__Record excerpts__:
(* Let $M$ be a monoid with identity $1$, and let $R_1=\{f\in M: fM=M\}$ be the $\mathcal{R}$-class of $1$ (the set of elements having a right inverse). If $M-R_1\neq\emptyset$ and $R_1\neq\{1\}$, then $\sigma_m(M)=\sigma_m^*(M)=\sigma_s(M)=2$.
   Context: A subsemigroup is a nonempty subset closed under the operation. For a monoid $M$: a submonoid is a subsemigroup containing the identity of $M$; a monoidal subsemigroup is a subsemigroup that is a monoid in its own right (its identity need not be that of $M$). $\sigma_s(M)$, $\sigma_m(M)$, $\sigma_m^*(M)$ denote the least positive integer $n$ such that $M$ is the union of $n$ proper subsemigroups, proper submonoids, respectively proper monoidal subsemigroups, or $\infty$ if no such finite $n$ exists. *)

From Stdlib Require Import Arith.

Section MonoidDefs.
Variables (T : Type) (mul : T -> T -> T) (one : T).

Definition is_subsemigroup (S : T -> Prop) : Prop :=
  (exists x, S x) /\ (forall x y, S x -> S y -> S (mul x y)).

Definition is_submonoid (S : T -> Prop) : Prop :=
  is_subsemigroup S /\ S one.

Definition is_monoidal_subsemigroup (S : T -> Prop) : Prop :=
  is_subsemigroup S /\
  exists e, S e /\ (forall x, S x -> mul e x = x /\ mul x e = x).

Definition proper_subset (S : T -> Prop) : Prop := exists x, ~ S x.

Definition covered_by (P : (T -> Prop) -> Prop) (n : nat) : Prop :=
  exists F : nat -> T -> Prop,
    (forall i, i < n -> P (F i) /\ proper_subset (F i)) /\
    (forall x, exists i, i < n /\ F i x).

Definition sigma_eq (P : (T -> Prop) -> Prop) (n : nat) : Prop :=
  0 < n /\ covered_by P n /\ (forall m, 0 < m -> covered_by P m -> n <= m).

Definition R1 (f : T) : Prop := forall g, exists h, mul f h = g.

End MonoidDefs.

(* R_1 is a proper submonoid (it misses M - R_1), and so is (M - R_1) ∪ {1}: if
   x y lies in R_1 then so does x, hence M - R_1 absorbs right multiplication.
   These two submonoids cover M, and as 1 ≠ f ∈ R_1 the second one is proper.
   A submonoid is both a monoidal subsemigroup and a subsemigroup, so all three
   covering numbers are at most 2, and no nonempty set is covered by a single
   proper subset. *)
From Stdlib Require Import Arith Lia Classical_Prop.

Lemma not_covered_by_1 (T : Type) (P : (T -> Prop) -> Prop) : ~ covered_by T P 1.
Proof.
  intros [F [HF Hcover]].
  destruct (HF 0 ltac:(lia)) as [_ [x Hx]].
  destruct (Hcover x) as [i [Hi Hix]].
  replace i with 0 in Hix by lia.
  exact (Hx Hix).
Qed.

Lemma covered_by_2 (T : Type) (P : (T -> Prop) -> Prop) (A B : T -> Prop) :
  P A -> P B -> proper_subset T A -> proper_subset T B ->
  (forall x, A x \/ B x) -> covered_by T P 2.
Proof.
  intros PA PB nA nB AB.
  exists (fun i => if Nat.eqb i 0 then A else B). split.
  - intros [|i] _; simpl; auto.
  - intros x. destruct (AB x); [exists 0 | exists 1]; simpl; split; auto; lia.
Qed.

Lemma sigma_eq_2 (T : Type) (P : (T -> Prop) -> Prop) (A B : T -> Prop) :
  P A -> P B -> proper_subset T A -> proper_subset T B ->
  (forall x, A x \/ B x) -> sigma_eq T P 2.
Proof.
  intros PA PB nA nB AB. split; [lia | split].
  - exact (covered_by_2 T P A B PA PB nA nB AB).
  - intros [|[|m]] Hm Hcov; try lia.
    exfalso. exact (not_covered_by_1 T P Hcov).
Qed.

Section Monoid.
Variables (T : Type) (mul : T -> T -> T) (one : T).
Hypothesis mulA : forall x y z, mul x (mul y z) = mul (mul x y) z.
Hypothesis mul1x : forall x, mul one x = x.
Hypothesis mulx1 : forall x, mul x one = x.

Lemma submonoid_monoidal (S : T -> Prop) :
  is_submonoid T mul one S -> is_monoidal_subsemigroup T mul S.
Proof.
  intros [HS S1]. split; [exact HS |].
  exists one. split; [exact S1 |]. intros x _. auto.
Qed.

Lemma submonoid_subsemigroup (S : T -> Prop) :
  is_submonoid T mul one S -> is_subsemigroup T mul S.
Proof. intros [HS _]. exact HS. Qed.

Lemma R1_one : R1 T mul one.
Proof. intros g. exists g. apply mul1x. Qed.

Lemma R1_mul x y : R1 T mul x -> R1 T mul y -> R1 T mul (mul x y).
Proof.
  intros Rx Ry g.
  destruct (Rx g) as [u Hu]. destruct (Ry u) as [v Hv].
  exists v. rewrite <- mulA, Hv. exact Hu.
Qed.

Lemma R1_mul_l x y : R1 T mul (mul x y) -> R1 T mul x.
Proof.
  intros Rxy g. destruct (Rxy g) as [h Hh].
  exists (mul y h). rewrite mulA. exact Hh.
Qed.

Lemma R1_submonoid : is_submonoid T mul one (R1 T mul).
Proof.
  split; [split |].
  - exists one. exact R1_one.
  - exact R1_mul.
  - exact R1_one.
Qed.

Definition nonR1_with_one (x : T) : Prop := ~ R1 T mul x \/ x = one.

Lemma nonR1_with_one_submonoid : is_submonoid T mul one nonR1_with_one.
Proof.
  split; [split |].
  - exists one. now right.
  - intros x y [nRx | ->] Hy.
    + left. intros Rxy. exact (nRx (R1_mul_l x y Rxy)).
    + now rewrite mul1x.
  - now right.
Qed.

End Monoid.

Theorem mainTheorem18 (T : Type) (mul : T -> T -> T) (one : T)
  (mulA : forall x y z, mul x (mul y z) = mul (mul x y) z)
  (mul1x : forall x, mul one x = x)
  (mulx1 : forall x, mul x one = x)
  (hnotR1 : exists x, ~ R1 T mul x)
  (hR1big : exists f, R1 T mul f /\ f <> one) :
  sigma_eq T (is_submonoid T mul one) 2 /\
  sigma_eq T (is_monoidal_subsemigroup T mul) 2 /\
  sigma_eq T (is_subsemigroup T mul) 2.
Proof.
  set (A := R1 T mul). set (B := nonR1_with_one T mul one).
  assert (SA : is_submonoid T mul one A) by exact (R1_submonoid T mul one mulA mul1x).
  assert (SB : is_submonoid T mul one B)
    by exact (nonR1_with_one_submonoid T mul one mulA mul1x).
  pose proof (submonoid_monoidal T mul one mul1x mulx1) as monoidal.
  assert (nB : proper_subset T B).
  { destruct hR1big as [f [Rf f1]]. exists f. now intros [nRf | ->]. }
  assert (AB : forall x, A x \/ B x).
  { intros x. destruct (classic (A x)); [left | right; left]; assumption. }
  split; [| split];
    [ apply (sigma_eq_2 T _ A B SA SB)
    | apply (sigma_eq_2 T _ A B (monoidal A SA) (monoidal B SB))
    | apply (sigma_eq_2 T _ A B (submonoid_subsemigroup _ _ _ _ SA)
                                (submonoid_subsemigroup _ _ _ _ SB)) ];
    assumption.
Qed.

__Directions__: Determine the number of lines in the preceding data that contain the word "MonoidDefs". Reply with that number only.

__Answer box__: 2